# I need to make my own ladder stabilizer. Can you help?



## Brian339 (Mar 15, 2009)

I am in the process of painting 50 mill style windows. I am midway through but the last 20 or so are going to be difficult. I used ladder jacks and a plank and it went very well.

Now the terrain is much different so I feel ladder stabilizers are the way to go.

Now for the problem....the windows are 6ft wide and 12ft tall. I do not believe anyone sells a bullhorn larger than 65 inches.

I was thinking of just going to home depot and buying a 80 inch piece of square steel stock and attaching it to the ladder using the clamps from the sets I own.
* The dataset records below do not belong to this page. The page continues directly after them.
(* Let $\mathbb{M}$ be a Zariski-like structure, and suppose $a=(a_0,\dots,a_{n-1})$ and $b=(b_0,\dots,b_{n-1})$ are tuples from $\mathbb{M}$ such that $a\to b$ is a specialization, $a_0\neq a_1$ and $b_0=b_1$. Then there is some $c=(c_0,\dots,c_{n-1})$ such that $a\to c\to b$, $\mathrm{rk}(a\to c)\le1$ and $c_0=c_1$.
   Context: $\mathbb{M}$ is a quasiminimal pregeometry structure (countable language; pregeometry cl determined by quantifier-free types; infinite-dimensional; countable closures of finite sets; unique generic types over countable closed sets; $\aleph_0$-homogeneity over countable closed sets and $\emptyset$) viewed as a monster model. $\dim$ is w.r.t. bcl (= cl), $\mathrm{bcl}(A)$ being the set of elements with fewer than $|\mathbb{M}|$ images under $\mathrm{Aut}(\mathbb{M}/A)$; $A\downarrow_B C$ iff $\dim(a/BC)=\dim(a/B)$ for finite $a$ from $A$; a tuple is generic in a set if its dimension is maximal there; Galois type $t^g(b/A)$ is the orbit under $\mathrm{Aut}(\mathbb{M}/A)$; Galois definable over $A$ = invariant under $\mathrm{Aut}(\mathbb{M}/A)$. Given a collection $\mathcal{C}$ of subsets of the powers of $\mathbb{M}$, a map $a_i\mapsto b_i$ (written $a\to b$) is a specialization if for every $C\in\mathcal{C}$ and $a_{i_1},\dots,a_{i_k}$, $(a_{i_1},\dots,a_{i_k})\in C$ implies $(b_{i_1},\dots,b_{i_k})\in C$; $\mathrm{rk}(a\to b)=\dim(a)-\dim(b)$ for finite tuples. Strongly regular: isomorphisms (Galois-type preserving maps), specializations $a\to a'$ with $a$ generic over $\emptyset$, and $aa'\to bb'$ with $a\downarrow a'$ and $a\to b$, $a'\to b'$ strongly regular. Strongly good: strongly regular ones, and $(a_1,a_2,a_3)\to(a_1',a_2',a_3')$ whenever $(a_1,a_2)\to(a_1',a_2')$ is strongly good, $a_1\to a_1'$ is an isomorphism and $a_3\in\mathrm{cl}(a_1)$. $\mathbb{M}$ is Zariski-like if there is a countable collection $\mathcal{C}$ of sets $C\subseteq\mathbb{M}^n$ (irreducible sets) with (specializations w.r.t. $\mathcal{C}$): (1) each $C$ Galois definable over $\emptyset$; (2) every tuple is generic in some $C\in\mathcal{C}$; (3) generic elements of $C$ have the same Galois type over $\emptyset$; (4) if $a\in C$ generic and $a\in D\in\mathcal{C}$ then $C\subseteq D$; (5) if $(a,b)\in C_1$ generic, $a$ generic in $C_2$, $(a',b')\in C_1$ then $a'\in C_2$; (6) closed under coordinate permutations; (7) if $a\to a'$ is strongly good of rank $\le1$, specializations $ab\to a'b'$, $ac\to a'c'$ amalgamate: some $b^*\downarrow_a c$ with $t^g(b^*/a)=t^g(b/a)$ and $ab^*c\to a'b'c'$; (8) if $(a_i)_{i\in I}$ is independent and indiscernible over $b$, $(a_i')$ indiscernible over $b'$, $a_ib\to a_i'b'$ for all $i$, and $b\to b'$ strongly good of rank $\le1$, then $(ba_i)_{i\in I}\to(b'a_i')_{i\in I}$ (indiscernible: every permutation extends to an automorphism fixing the base); (9) if $(a_i)_{i<\kappa}\to(b_i)_{i<\kappa}$, $a_0\ne a_1$, $b_0=b_1$, and $S\subseteq\mathcal{P}_{<\omega}(\kappa)$ is unbounded and directed with $0,1\in X$ for all $X\in S$ and such that for $X\subseteq Y$ in $S$ and every $(c_i)_{i\in Y}$ with $c_0=c_1$, $(a_i)_Y\to(c_i)_Y\to(b_i)_Y$ and $\mathrm{rk}((a_i)_Y\to(c_i)_Y)\le1$ one has $\mathrm{rk}((a_i)_X\to(c_i)_X)\le1$, then there are $(c_i)_{i<\kappa}$ with $(a_i)\to(c_i)\to(b_i)$, $c_0=c_1$ and $\mathrm{rk}((a_i)_X\to(c_i)_X)\le1$ for all $X\in S$. *)

From HB Require Import structures.
From mathcomp Require Import all_boot.
From Stdlib Require List.
From Stdlib Require Import ClassicalEpsilon.

Set Implicit Arguments.
Unset Strict Implicit.
Unset Printing Implicit Defensive.

Record signature := Signature {
  fsym : Type;
  rsym : Type;
  far : fsym -> nat;
  rar : rsym -> nat }.

Record structure (L : signature) := Structure {
  dom :> Type;
  fint : forall f : fsym L, ('I_(far f) -> dom) -> dom;
  rint : forall r : rsym L, ('I_(rar r) -> dom) -> Prop }.

Definition countableT (T : Type) : Prop := exists f : T -> nat, injective f.

Definition countable_set (T : Type) (A : T -> Prop) : Prop :=
  exists f : T -> nat, forall x y, A x -> A y -> f x = f y -> x = y.

Definition subset (T : Type) (A B : T -> Prop) : Prop := forall x, A x -> B x.

Definition range (I T : Type) (a : I -> T) : T -> Prop := fun x => exists i, a i = x.

Definition emptyset (T : Type) : T -> Prop := fun _ => False.

Definition setU (T : Type) (A B : T -> Prop) : T -> Prop := fun x => A x \/ B x.

Definition inlist (T : Type) (s : seq T) : T -> Prop := fun x => List.In x s.

Definition catf (I J T : Type) (a : I -> T) (b : J -> T) : I + J -> T :=
  fun k => match k with inl i => a i | inr j => b j end.

Definition extf (I T : Type) (a : I -> T) (x : T) : option I -> T :=
  fun k => match k with Some i => a i | None => x end.

Definition tup (I : finType) (T : Type) (a : I -> T) : seq T := [seq a i | i <- enum I].

Section Structures.
Variable L : signature.
Variable M : structure L.

Inductive term (V : Type) : Type :=
| tvar : V -> term V
| tapp : forall f : fsym L, ('I_(far f) -> term V) -> term V.

Fixpoint teval (V : Type) (x : V -> M) (t : term V) : M :=
  match t with
  | tvar v => x v
  | tapp f ts => @fint L M f (fun i => teval x (ts i))
  end.

Inductive qf (V : Type) : Type :=
| qeq : term V -> term V -> qf V
| qrel : forall r : rsym L, ('I_(rar r) -> term V) -> qf V
| qneg : qf V -> qf V
| qand : qf V -> qf V -> qf V.

Fixpoint qholds (V : Type) (x : V -> M) (phi : qf V) : Prop :=
  match phi with
  | qeq t1 t2 => teval x t1 = teval x t2
  | qrel r ts => @rint L M r (fun i => teval x (ts i))
  | qneg psi => ~ qholds x psi
  | qand psi chi => qholds x psi /\ qholds x chi
  end.

Definition qftp_eq (V : Type) (x y : V -> M) : Prop :=
  forall phi : qf V, qholds x phi <-> qholds y phi.

Definition is_aut (s : M -> M) : Prop :=
  [/\ bijective s,
      forall f (xs : 'I_(far f) -> M), s (@fint L M f xs) = @fint L M f (s \o xs)
    & forall r (xs : 'I_(rar r) -> M), @rint L M r xs <-> @rint L M r (s \o xs)].

Definition aut_over (A : M -> Prop) (s : M -> M) : Prop :=
  is_aut s /\ forall x, A x -> s x = x.

Definition gtp_eq (I : Type) (A : M -> Prop) (b b' : I -> M) : Prop :=
  exists s, aut_over A s /\ forall i, s (b i) = b' i.

Definition card_lt_M (X : M -> Prop) : Prop :=
  ~ exists g : M -> M, injective g /\ forall m, X (g m).

Definition bcl (A : M -> Prop) : M -> Prop :=
  fun x => card_lt_M (fun y => exists s, aut_over A s /\ s x = y).

Definition basis (B A : M -> Prop) (s : seq M) : Prop :=
  [/\ List.NoDup s,
      forall y, List.In y s -> A y,
      forall y, List.In y s -> ~ bcl (fun z => B z \/ (List.In z s /\ z <> y)) y
    & forall x, A x -> bcl (fun z => B z \/ List.In z s) x].

(* dim(A/B), for A finite *)
Definition dimS (A B : M -> Prop) : nat :=
  epsilon (inhabits 0) (fun k => exists s, basis B A s /\ size s = k).

Definition dimF (I : Type) (a : I -> M) : nat := dimS (range a) (@emptyset M).
Definition dimL (l : seq M) : nat := dimS (inlist l) (@emptyset M).

Definition rk (I : Type) (a b : I -> M) : nat := dimF a - dimF b.

Definition indep (A B C : M -> Prop) : Prop :=
  forall s : seq M, subset (inlist s) A ->
    dimS (inlist s) (setU B C) = dimS (inlist s) B.

Definition pregeometry (cl : (M -> Prop) -> M -> Prop) : Prop :=
  [/\ forall A, subset A (cl A),
      forall A B, subset A B -> subset (cl A) (cl B),
      forall A, subset (cl (cl A)) (cl A),
      forall A x, cl A x ->
        exists s : seq M, subset (inlist s) A /\ cl (inlist s) x
    & forall A x y, cl (fun z => A z \/ z = y) x -> ~ cl A x ->
        cl (fun z => A z \/ z = x) y].

Definition closed (cl : (M -> Prop) -> M -> Prop) (A : M -> Prop) : Prop :=
  subset (cl A) A.

Record QPS (cl : (M -> Prop) -> M -> Prop) : Prop := {
  qps_countable_language : countableT (fsym L) /\ countableT (rsym L);
  qps_pregeometry : pregeometry cl;
  qps_qf_determined : forall k (b b' : 'I_k -> M) (x x' : M),
    qftp_eq (extf b x) (extf b' x') -> (cl (range b) x <-> cl (range b') x');
  qps_infinite_dim : forall s : seq M, exists x, ~ cl (inlist s) x;
  qps_countable_closure : forall s : seq M, countable_set (cl (inlist s));
  qps_unique_generic : forall (J : Type) (h h' : J -> M), countableT J ->
    closed cl (range h) -> closed cl (range h') -> qftp_eq h h' ->
    forall x x', ~ range h x -> ~ range h' x' -> qftp_eq (extf h x) (extf h' x');
  qps_homogeneity : forall (J : Type) (h h' : J -> M), countableT J ->
    (closed cl (range h) \/ forall y, ~ range h y) ->
    (closed cl (range h') \/ forall y, ~ range h' y) ->
    qftp_eq h h' ->
    forall k (b b' : 'I_k -> M), qftp_eq (catf h b) (catf h' b') ->
    forall x, cl (range (catf h b)) x ->
    exists x', qftp_eq (extf (catf h b) x) (extf (catf h' b') x') }.

(* a collection of subsets of powers of M; the set with index c is a subset
   of M^(car c), its elements being represented as lists of length car c *)
Record collection := Collection {
  cidx : Type;
  car : cidx -> nat;
  cset : cidx -> seq M -> Prop }.

Definition coll_wf (C : collection) : Prop :=
  forall (c : cidx C) l, cset c l -> size l = car c.

Section Spec.
Variable C : collection.

Definition spec (I : Type) (a b : I -> M) : Prop :=
  forall (c : cidx C) (ix : seq I), cset c (map a ix) -> cset c (map b ix).

Definition generic_in (c : cidx C) (l : seq M) : Prop :=
  cset c l /\ forall l', cset c l' -> dimL l' <= dimL l.

Definition generic0 (I : Type) (a : I -> M) : Prop :=
  forall x : I -> M, dimF x <= dimF a.

Definition iso (I : Type) (a b : I -> M) : Prop := gtp_eq (@emptyset M) a b.

Variable cl : (M -> Prop) -> M -> Prop.

Inductive sreg : forall I : finType, (I -> M) -> (I -> M) -> Prop :=
| sreg_iso (I : finType) (a b : I -> M) : iso a b -> sreg a b
| sreg_gen (I : finType) (a b : I -> M) : spec a b -> generic0 a -> sreg a b
| sreg_cat (I J : finType) (a b : I -> M) (a' b' : J -> M) :
    indep (range a) (@emptyset M) (range a') -> sreg a b -> sreg a' b' ->
    spec (catf a a') (catf b b') -> sreg (catf a a') (catf b b').

Inductive sgood : forall I : finType, (I -> M) -> (I -> M) -> Prop :=
| sgood_sreg (I : finType) (a b : I -> M) : sreg a b -> sgood a b
| sgood_ext (I J K : finType) (a1 a1' : I -> M) (a2 a2' : J -> M) (a3 a3' : K -> M) :
    sgood (catf a1 a2) (catf a1' a2') -> iso a1 a1' ->
    (forall k, cl (range a1) (a3 k)) ->
    spec (catf (catf a1 a2) a3) (catf (catf a1' a2') a3') ->
    sgood (catf (catf a1 a2) a3) (catf (catf a1' a2') a3').

Definition restr (K : Type) (a : K -> M) (X : K -> Prop) : {i | X i} -> M :=
  fun i => a (proj1_sig i).
Arguments restr {K} a X _.

Definition finite_set (K : Type) (X : K -> Prop) : Prop :=
  exists s : seq K, forall i, X i <-> List.In i s.

Definition indiscernible (I J K : Type) (a : I -> J -> M) (b : K -> M) : Prop :=
  forall p : I -> I, bijective p ->
    exists s, aut_over (range b) s /\ forall i j, s (a i j) = a (p i) j.

Definition indep_family (I J K : Type) (a : I -> J -> M) (b : K -> M) : Prop :=
  forall i, indep (range (a i)) (range b)
                  (fun x => exists i' j, i' <> i /\ a i' j = x).

Definition famcat (I J K : Type) (b : K -> M) (a : I -> J -> M) : K + (I * J) -> M :=
  catf b (fun p => a p.1 p.2).

Record zariski_like : Prop := {
  zl_qps : QPS cl;
  zl_wf : coll_wf C;
  zl_countable : countableT (cidx C);
  zl_1 : forall (c : cidx C) (s : M -> M) (l : seq M), is_aut s -> (cset c l <-> cset c (map s l));
  zl_2 : forall l : seq M, exists c : cidx C, generic_in c l;
  zl_3 : forall (c : cidx C) l1 l2, generic_in c l1 -> generic_in c l2 ->
    exists s, is_aut s /\ map s l1 = l2;
  zl_4 : forall (c d : cidx C) l, generic_in c l -> cset d l -> subset (cset c) (cset d);
  zl_5 : forall (c1 c2 : cidx C) (a b a' b' : seq M), size a' = size a ->
    generic_in c1 (a ++ b) -> generic_in c2 a -> cset c1 (a' ++ b') ->
    cset c2 a';
  zl_6 : forall (c : cidx C) (p : 'I_(car c) -> 'I_(car c)), bijective p ->
    exists d : cidx C, car d = car c /\
      forall x : 'I_(car c) -> M, cset d (tup x) <-> cset c (tup (x \o p));
  zl_7 : forall (I J K : finType) (a a' : I -> M) (b b' : J -> M) (c c' : K -> M),
    sgood a a' -> rk a a' <= 1 ->
    spec (catf a b) (catf a' b') -> spec (catf a c) (catf a' c') ->
    exists bs : J -> M,
      [/\ indep (range bs) (range a) (range c),
          gtp_eq (range a) b bs
        & spec (catf (catf a bs) c) (catf (catf a' b') c')];
  zl_8 : forall (I : Type) (J K : finType) (a a' : I -> J -> M) (b b' : K -> M),
    indep_family a b -> indiscernible a b -> indiscernible a' b' ->
    (forall i, spec (catf (a i) b) (catf (a' i) b')) ->
    sgood b b' -> rk b b' <= 1 ->
    spec (famcat b a) (famcat b' a');
  zl_9 : forall (K : Type) (k0 k1 : K) (a b : K -> M) (S : (K -> Prop) -> Prop),
    spec a b -> a k0 <> a k1 -> b k0 = b k1 ->
    (forall X, S X -> finite_set X) ->
    (forall X, finite_set X -> exists Y, S Y /\ subset X Y) ->
    (forall X Y, S X -> S Y -> exists Z, [/\ S Z, subset X Z & subset Y Z]) ->
    (forall X, S X -> X k0 /\ X k1) ->
    (forall X Y, S X -> S Y -> subset X Y ->
       forall c : K -> M, c k0 = c k1 ->
         spec (restr a Y) (restr c Y) -> spec (restr c Y) (restr b Y) ->
         rk (restr a Y) (restr c Y) <= 1 ->
         rk (restr a X) (restr c X) <= 1) ->
    exists c : K -> M,
      [/\ spec a c, spec c b, c k0 = c k1
        & forall X, S X -> rk (restr a X) (restr c X) <= 1] }.

End Spec.
End Structures.

From Pilot Require Import Defs.
From mathcomp Require Import all_boot.
From Stdlib Require Import FunctionalExtensionality PropExtensionality.

(* For a finite index set K, apply axiom (9) to the family S = {K}: it is
   unbounded and directed, and its coherence hypothesis is vacuous because the
   only pair X <= Y in S has X = Y. *)

Lemma inlist_in (T : eqType) (x : T) (s : seq T) : List.In x s <-> x \in s.
Proof.
elim: s => [|y s IH] //=; rewrite in_cons; split.
- by case=> [->|/IH ->]; rewrite ?eqxx ?orbT.
- by case/orP=> [/eqP ->|/IH]; [left|right].
Qed.

Lemma finite_setT (K : finType) : finite_set (fun _ : K => True).
Proof. by exists (enum K) => i; split=> // _; apply/inlist_in; rewrite mem_enum. Qed.

Section FullRestriction.
Variables (L : signature) (M : structure L).

Lemma range_restrT (K : Type) (a : K -> M) :
  range (@restr L M K a (fun _ => True)) = range a.
Proof.
apply: functional_extensionality => x; apply: propositional_extensionality.
split.
- by case=> [[i Hi] <-]; exists i.
- by case=> i <-; exists (exist (fun _ => True) i I).
Qed.

Lemma rk_restrT (K : Type) (a c : K -> M) :
  rk (@restr L M K a (fun _ => True)) (@restr L M K c (fun _ => True)) = rk a c.
Proof. by rewrite /rk /dimF !range_restrT. Qed.

End FullRestriction.

Lemma zariski_like_merge_rank1 (L : signature) (M : structure L)
    (C : collection M) (cl : (M -> Prop) -> M -> Prop)
    (HZ : zariski_like C cl) (K : finType) (k0 k1 : K) (a b : K -> M) :
  spec C a b -> a k0 <> a k1 -> b k0 = b k1 ->
  exists c : K -> M, [/\ spec C a c, spec C c b, rk a c <= 1 & c k0 = c k1].
Proof.
move=> Hab Ha Hb.
pose S (X : K -> Prop) := X = (fun _ => True).
have S_finite X : S X -> finite_set X by move->; exact: finite_setT.
have S_unbounded X : finite_set X -> exists Y, S Y /\ Defs.subset X Y.
  by move=> _; exists (fun _ => True).
have S_directed X Y :
    S X -> S Y -> exists Z, [/\ S Z, Defs.subset X Z & Defs.subset Y Z].
  by move=> -> ->; exists (fun _ => True).
have S_k01 X : S X -> X k0 /\ X k1 by move->.
case: (zl_9 HZ Hab Ha Hb S_finite S_unbounded S_directed S_k01).
  by move=> X Y -> ->.
move=> c [Hac Hcb Hc Hrk].
by exists c; split=> //; rewrite -rk_restrT; apply: Hrk.
Qed.

Theorem lemma5p8 (L : signature) (M : structure L)
  (C : collection M) (cl : (M -> Prop) -> M -> Prop)
  (HZ : zariski_like C cl)
  (m : nat) (a b : 'I_m.+2 -> M) :
  spec C a b -> a ord0 <> a (inord 1) -> b ord0 = b (inord 1) ->
  exists c : 'I_m.+2 -> M,
    [/\ spec C a c, spec C c b, rk a c <= 1 & c ord0 = c (inord 1)].
Proof. exact: (@zariski_like_merge_rank1 L M C cl HZ _ ord0 (inord 1) a b). Qed.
I realize this would be just a straight piece of metal ut the windows are recessed into the building about one foot.

Any input would be welcomed.


----------



## LA Painter (Jul 28, 2009)

Sounds good. I did something similar for a church I painted with large recessed windows. I just used a 2x4 clamped to the top rung. Worked great.


----------



## nEighter (Nov 14, 2008)

maybe get a standard sized stabilizer, cut it in half and getting some square tubing that slips right over the top. drill a couple holes in through and use 2 bolts per side. get some extra U clamps


----------



## johnpaint (Sep 20, 2008)

All you have to do is get you a couple L-brackets about 2"x2" and use sheet metal screws to screw the L- bracket to the end of the horns. (First you will have to pull off the rubbers). Then I use a 1"x4" spruce trim board cut long enough to bridge the window and use wood screws to attach to L brackets. Now go down to the hardware store and find some foam that is about 1/4 inch thick and glue and staple to the edge that touches the window/building. Works great for me. Also with the foam it will not slide around.


----------



## johnpaint (Sep 20, 2008)

Brian: I also just keep it together all the time and only use those horns for that kind of job.


----------



## 88dblifestyle (Dec 4, 2009)

LA Painter said:


> Sounds good. I did something similar for a church I painted with large recessed windows. I just used a 2x4 clamped to the top rung. Worked great.


:yes: Yeah.. I helped my neighbor to paint in his house and i used also 1x4 clamped... It's great! :thumbup:


----------